The point is that Ware set a precedent for drafting black quarterbacks very high that has never stopped. Looking at later drafts:

  • 1995: Steve McNair: 5th overall
  • 1996: Tony Banks: 42nd overall, second round, however was first quarterback picked
  • 1999: Donovan McNabb (2nd), Akili Smith (3rd), Daunte Culpepper (11th), this was the final nail in the coffin

Now obviously high draft picks are not total evidence of prejudice being eliminated. But it is interesting to note see the exact moment when, in practical terms, the tide turned.

Review: The BAC Three-Eleven

The BAC Three-Eleven: The Airbus That Should Have Been

In one of those “only someone like me would like this book” book purchases, I got Graziano Freschi’s book on the BAC Three-Eleven. The actual never-was airplane itself was an all-British two engine jumbo jet similar to the Airbus A300 only slightly larger and with both engines in the back.

Freschi both describes the plane and makes the argument that it was a mistake for the British to cancel it, as with many (if not all) their big postwar programs, they would spend large sums of money on something and then cancel it, getting the worst of both worlds. His case is weakened by Britain’s poor reputation in such regards, and he kind of hedges from “This would have been a success” to “Britain would have been in a better negotiating position when they rejoined Airbus”.

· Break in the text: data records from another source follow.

Definition gamma4_integrand (x : R) : R :=
  sqrt 2 * (q_integrand 1 x - q_integrand 3 x + a_integrand 1 x - 2 * a_integrand 3 x).

Definition gamma4_remainder (x : R) : R :=
  sqrt 2 * ((ln 2 / 4 - 1 / 8) * (sin x + tanh x * cos x) + tanh x * cos x * ln (sech x)
            + x * tanh x ^ 2 * cos x).

Lemma is_derive_gamma4_remainder x :
  is_derive (fun y => sech y * gamma4_remainder y) x (-2 * (E x * h31 x) - gamma4_integrand x).
Proof. unfold gamma4_remainder, gamma4_integrand. verify_remainder. Qed.

Ltac integral_by_remainder integrand remainder c derivative :=
  apply (Integral_eq_of_exact_remainder _ integrand (fun y => sech y * remainder y) c);
  [ lra | continuous_smooth | unfold integrand; continuous_smooth | exact derivative
  | unfold remainder; dominated_tac | unfold integrand; integrate_combination ].

Theorem lemma2p20 :
  gamma1 =
    sqrt 2 * (2 * p 1 + (- 9 * ln 2 - 97 / 2) * p 3 + (24 * ln 2 + 110) * p 5
              + (- 15 * ln 2 - 127 / 2) * p 7)
    + sqrt 2 * (q 1 - 19 * q 3 + 48 * q 5 - 30 * q 7
                - a 1 + 56 * a 3 - 222 * a 5 + 180 * a 7)
    + 4 * r 1 - 4 * r 3 - 28 * r 5 + 30 * r 7 + 2 * s 1 + 22 * s 3 - 30 * s 5
  /\
  gamma2 =
    sqrt 2 * ((/ 2 * ln 2 + 9 / 4) * p 1 + (- 4 * ln 2 - 6) * p 3
              + (4 * ln 2 - 18) * p 5 + 24 * p 7)
    + sqrt 2 * (q 1 - 8 * q 3 + 8 * q 5 - a 1 + 21 * a 3 - 30 * a 5)
    + 2 * r 3 - 2 * r 5 - 4 * s 3 + 10 * s 5
  /\
  gamma3 =
    sqrt 2 * (- 33 / 2 * p 3 + 127 / 2 * p 5 - 47 * p 7
              + 18 * a 3 - 84 * a 5 + 72 * a 7)
  /\
  gamma4 = sqrt 2 * (q 1 - q 3 + a 1 - 2 * a 3).
Proof.
  split; [| split; [| split]].
  - rewrite <- (Rmult_1_l gamma1). unfold gamma1, ip.
    integral_by_remainder gamma1_integrand gamma1_remainder 1 is_derive_gamma1_remainder.
  - unfold gamma2, ip.
    integral_by_remainder gamma2_integrand gamma2_remainder 2 is_derive_gamma2_remainder.
  - rewrite <- (Rmult_1_l gamma3). unfold gamma3, ip.
    integral_by_remainder gamma3_integrand gamma3_remainder 1 is_derive_gamma3_remainder.
  - unfold gamma4, ip.
    integral_by_remainder gamma4_integrand gamma4_remainder (-2) is_derive_gamma4_remainder.
Qed.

Though not perfect, it is an interesting look at an obscure plane.

Review: Atomic Steppe

Atomic Steppe

Togzhan Kassenova’s Atomic Steppe is the story of Kazakhstan and nuclear weapons. A Kazakh whose father was an advisor and think-tank head during the crucial early 1990s period, she’s well suited to write it. The bulk of the book is about the horrific environmental legacy of nuclear tests and infrastructure on the country, told excellently.

The problem with the main theoretical part of the book, the nuclear negotiations, is that despite her sincere efforts to show its complexity, the outcome was obvious and never actually in doubt. Kazakhstan had even less chance of preserving a nuclear arsenal than Ukraine or Belarus. That said, there’s plenty of finds from the almost video-game like saga of Americans retrieving super-enriched uranium for disposal to the Russian crews of the nuclear delivery systems flying bombers away and draining the fuel of ICBMs (SS-18s are liquid fueled) to skewer any chance of Kazakhstan being able to seize them.

It’s not a drama, but it’s a good look at atomic history.

Review: The British Carrier Strike Fleet After 1945

The British Carrier Strike Fleet After 1945

In my 5+ years running Fuldapocalypse, I think I may have found the most dull book I’ve ever reviewed. That would be a reference book with the appropriate name of The British Carrier Strike Fleet After 1945. I feel a little bad calling it that because A: It’s a reference book, and B: It actually has quite a lot of good information about British carriers.

However, even by those standards I found it a slog. To put it very mildly. And I read reference books for fun! So I’d still recommend it if you like aircraft carriers. Just be warned.